Что ж, как можно бы предположить, отношение Леонова к Сталину—фаталистическое, рефлективное, историческое—совершенно не свойственно другим советским писателям. Большинство из них, особенно молодые, вовсе не признают за Сталиным никаких заслуг. Хотя я хорошо помню случай, имевший место год или два спустя после нашей беседы с Леоновым. Мы возвращались па машине в Москву с человеком, которого я хорошо знал: «солдат революции», юношей сражавшийся в гражданскую войну. Была поздняя летняя ночь. На горизонте над высотной башней университета виднелась красная звезда. Университетский город на Ленинских (когда-то Воробьевых) Горах выстроил Сталин. Мой спутник сказал: «Я знаю, вам это здание не нравится. Понимаю, ничего прекрасного в нем нет. Но стоит мне его увидеть, как я про себя думаю: черт побери, старый дьявол и тут преуспел!».

3

Кем и каков был Сталин? Ныне ясно, что он изменил облик нашей жизни (не только в собственной, но и во всех наших странах) несравнимо больше, чем любой из тех, о ком я пишу в этой книге. И все же, когда речь заходит о нем, невероятно трудно отыскать какие-либо объективные данные даже о простых, прозаических, внешних деталях. Почти все встречавшиеся с ним, его соотечественники и иностранцы, взирали на него либо через пелену героико-почитания, либо сквозь туман острой вражды. Это, видимо, мешало им прийти к согласию в отношении не только характера Сталина, но даже и его внешности. Например, Джилас, который, будучи членом югославских миссий, провел с ним множество часов, утверждает, что у Сталина было узкое короткое туловище и непропорционально длинные ноги. (Подобно Ленину и большинству из первого поколения советских вождей, Сталин был очень невысок, ростом не больше пяти футов двух дюймов (около 155 см.—Пе-рев.). Кварони, бывший три года итальянским послом в Москве, столь же убежденно заявляет, что у Сталина был плотный, мощный торс и короткие толстые ноги. Чему из написанного верить?

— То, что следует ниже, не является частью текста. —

Lemma feas4_sample_term_le xi l : Xi D u xi ->
  sample_term D p l <= Hcost u xi + vlam p * dist1 xi (traj D u (s l)).
Proof.
move=> xi_supp; have z_sum := sum_gam_z hp; have u_gt0 := feas4_speed_gt0 hp gam0.
have [_ [_ [_ [_ [_ [_ [_ [_ [_ [_ [_ [mu_le [nu_def [nu_lam eta_box]]]]]]]]]]]]]] := hp.
rewrite /Hcost /dist1 !mulr_sumr -big_split; apply: ler_sum => e _.
rewrite !mulr_sumr -big_split; apply: ler_sum => t _; rewrite -feas4_traj //.
have /andP[eta0 _] := eta_box l e t.
pose K := u e t * (rhob D e - fb D e / ub D e) + fb D e.
apply: (@dual_coordinate_bound _ (u e t) _ _ _ (vmu p l e t) _ _ _ (rhoc D e (u e t)) K).
- exact: nu_def.
- exact: nu_lam.
- exact: eta0.
- by have := mu_le l e t; rewrite z_sum /K; lra.
- by apply: rhoc_flow; rewrite ?ltW.
- exact/mulr_ge0/ltW/rhob_gt0/ltW.
- exact: xi_supp.
Qed.

End sample_term_bound.


(* [lawP] is a bare set function (the trajectory map is never shown measurable), so it is
   compared with genuine measures only through its values on measurable sets. *)
Section setfun_integral.
Import HBNNSimple.

Lemma eq_setfun_integral d (T : measurableType d) (R : realType)
    (m1 m2 : set T -> \bar R) (D : set T) (f : T -> \bar R) :
  (forall A, measurable A -> m1 A = m2 A) ->
  (\int[m1]_(x in D) f x = \int[m2]_(x in D) f x)%E.
Proof.
move=> m12; rewrite /integral; congr (ereal_sup _ - ereal_sup _)%E;
  apply: eq_imagel => h _; apply: eq_fsbigr => r _;
  by rewrite m12 //; exact: measurable_funPTI.
Qed.

End setfun_integral.

(* An alias carrying the [mfun] instance that [distribution] requires. *)
Definition fst_mfun d (X : measurableType d) : X * X -> X := fst.
HB.instance Definition _ d (X : measurableType d) :=
  isMeasurableFun.Build _ _ _ _ (@fst_mfun d X) measurable_fst.

Section wasserstein_duality.
Context d (X : measurableType d) (R : realType).
Variable dist : X -> X -> R.
Hypotheses (mdist : measurable_fun setT (fun z : X * X => dist z.1 z.2))
  (mdistl : forall y, measurable_fun setT (dist^~ y))
  (dist_ge0 : forall x y, 0 <= dist x y) (distxx : forall x, dist x x = 0)
  (dist_triangle : forall x y z, dist x z <= dist x y + dist y z).
Variables (N : nat) (xs : 'I_N -> X) (a : 'I_N -> R) (lam : R) (H : X -> R) (S : set X).
Hypotheses (lam_ge0 : 0 <= lam) (mH : measurable_fun setT H) (mS : measurable S)
  (H_ge0 : forall x, S x -> 0 <= H x)
  (a_le : forall x l, S x -> a l <= H x + lam * dist x (xs l)).

(* Floored at 0 so that it integrates as a nonnegative function; the floor is harmless
   because [H] is nonnegative on [S]. *)
Definition ctransform (y : X) : R :=
  \big[Num.max/0]_(l < N) (a l - lam * dist y (xs l)).

Lemma ctransform_ge0 y : 0 <= ctransform y.
Proof. by rewrite /ctransform; elim/big_rec: _ => // l r _ r0; rewrite le_max r0 orbT. Qed.

Lemma ctransform_ge l : a l <= ctransform (xs l).
Proof. by rewrite /ctransform (bigD1 l) //= distxx mulr0 subr0 le_max lexx. Qed.

Lemma ctransform_le x y : S x -> ctransform y <= H x + lam * dist x y.
Proof.
move=> Sx; rewrite /ctransform; elim/big_rec: _ => [|l r _ r_le].
  exact: addr_ge0 (H_ge0 Sx) (mulr_ge0 lam_ge0 (dist_ge0 x y)).
rewrite ge_max r_le andbT lerBlDr -addrA -mulrDr.
apply: le_trans (a_le l Sx) _; rewrite lerD2l.
exact: ler_wpM2l.
Qed.

Lemma measurable_ctransform : measurable_fun setT ctransform.
Proof.
rewrite /ctransform; elim: (index_enum _) => [|l r mr].
  by under eq_fun do rewrite big_nil; exact: measurable_cst.
under eq_fun do rewrite big_cons; apply: measurable_maxr mr.
by apply: measurable_funB; [exact: measurable_cst | apply: measurable_funM].
Qed.

Section coupling.
Variables (P1 : set X -> \bar R) (pi : probability (X * X)%type R).
Hypotheses (pi_fst : forall A, measurable A -> pi (A `*` setT) = P1 A)
  (pi_snd : forall B, measurable B ->
     pi (setT `*` B) = (N%:R^-1 * \sum_(l < N) \1_B (xs l))%:E)
  (P1_S : P1 (~` S) = 0%E).

Let mu := distribution pi (@fst_mfun d X).

Lemma integral_coupling_fst :
  (\int[P1]_x (H x)%:E = \int[pi]_z (Num.max (H z.1) 0)%:E)%E.
Proof.
have mu_P1 A : measurable A -> mu A = P1 A.
  move=> mA; rewrite -pi_fst //; congr (pi _).
  by apply/seteqP; split=> [[x y] /= Ax|[x y] [] //].
have mHp : measurable_fun setT (fun x => Num.max (H x) 0).
  exact: measurable_maxr mH (measurable_cst _).
rewrite (eq_setfun_integral _ (m2 := mu)) => [|A mA]; last by rewrite mu_P1.
rewrite (@ae_eq_integral _ _ _ mu _ (fun x => (Num.max (H x) 0)%:E)) //.
- rewrite /mu /distribution ge0_integral_pushforward //; first exact/measurable_EFinP.
  by move=> x _; rewrite lee_fin le_max lexx orbT.
- exact/measurable_EFinP.
- exact/measurable_EFinP.
exists (~` S); split; first exact: measurableC.
  exact: etrans (mu_P1 _ (measurableC mS)) P1_S.
by move=> x /= neq Sx; apply: neq => _; rewrite max_l // H_ge0.
Qed.

Lemma integral_coupling_snd (g : X -> R) :
  measurable_fun setT g -> (forall x, 0 <= g x) ->
  (\int[pi]_z (g z.2)%:E = (N%:R^-1 * \sum_(l < N) g (xs l))%:E)%E.
Proof.
move=> mg g_ge0; have mEg : measurable_fun setT (EFin \o g) by exact/measurable_EFinP.
have Eg_ge0 x : setT x -> (0 <= (g x)%:E)%E by rewrite lee_fin.
pose xs' k := if insub k is Some l then xs l else point.
have xs'E (l : 'I_N) : xs' l = xs l by rewrite /xs' valK.
have N_ge0 : (0 <= N%:R^-1 :> R) by rewrite invr_ge0.
pose emp := mscale (NngNum N_ge0) (msum (fun k => \d_(xs' k)) N).
transitivity (\int[pushforward pi snd]_x (g x)%:E)%E.
  by rewrite ge0_integral_pushforward // => y _; rewrite lee_fin.
transitivity (\int[emp]_x (g x)%:E)%E.
  apply: eq_setfun_integral => B mB; rewrite /pushforward.
  rewrite (_ : snd @^-1` B = setT `*` B); last by apply/seteqP; split=> [[]|[] ? ? []].
  rewrite pi_snd // /emp /mscale /msum /= EFinM -sumEFin; congr (_ * _)%E.
  by apply: eq_bigr => k _; rewrite /dirac xs'E.
rewrite ge0_integral_mscale // ge0_integral_measure_sum // EFinM -sumEFin /=.
by congr (_ * _)%E; apply: eq_bigr => k _; rewrite integral_dirac // diracT mul1e xs'E.
Qed.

Сталин—единственный из героев моих очерков, кого я никогда не встречал. Очень жаль, что случай так и не представился. Не то чтобы я смог многое добавить к уже сказанному, но, по крайней мере, успокоился бы по поводу таких вот мелочей. У меня было бы одно маленькое, но ощутимое преимущество перед большинством его собеседников—я был бы куда более беспристрастен. Среди описаний иностранцев (а их не так много) самыми достоверными я склонен считать сделанные Джиласом. В них, несомненно, чувствуется и более острый взгляд и более чуткий слух, чем в любых других. Вот какой разговор состоялся у него со Сталиным в 1944 году, в то время, когда Рузвельт и Черчилль поздравляли друг друга с ловкостью, с какой они ладят с Дядюшкой Джо:

«Вы, может, полагаете—на том только основании, что мы союзники англичан,—будто мы забыли, кто они такие и кто такой Черчилль. Им ничто не доставляет большего удовольствия, как обвести своих союзников вокруг пальца. Во время первой мировой войны они постоянно обманывали русских и французов. А Черчилль? Черчилль—это человек, который у вас из кармана копейку утащит, если вы за ним не будете приглядывать. Да, да, копейку утащит из кармана! Ей-Богу, утащит из кармана копейку. А Рузвельт? Рузвельт не таков. Этот руку запускает только за крупной монетой. А вот Черчилль—Черчилль и за копейку готов...»

Звучит достоверно. Если этого не было, то у Джиласа незаурядный талант романиста. Все ж страдает он двумя недостатками, из-за которых я с сомнением отношусь к нему как к источнику достоверному. Первый (и важнейший)—он вероотступник, т.е. когда-то он возложил все свои надежды на советский коммунизм и на того же Сталина, а после обнаружил, что пера сия его покинула. Такого рода отрицающее обращение (будь то в политике или религии) порою творит чудеса в искусстве, но, как правило, отнюдь не дает эталона объективной точности. Другой недостаток Джиласа не столь значителен, зато любопытен. Он выглядит излишне благородным в своей компании. Этого трудно ожидать от черногорца и солдата-партизана, да вот поди ж ты, он без устали повторяет, как отвращали его бурные попойки, щепетильно не приемлет грубые мужские шуточки. Между тем, эти черты русского обихода очень похожи (за исключением мелочей) на то, с чем свыклись и англичане с американцами. Джилас попросту никак не мог стать свойским парнем, и это, по-видимому, с самого начала обрекло его на роль чужака.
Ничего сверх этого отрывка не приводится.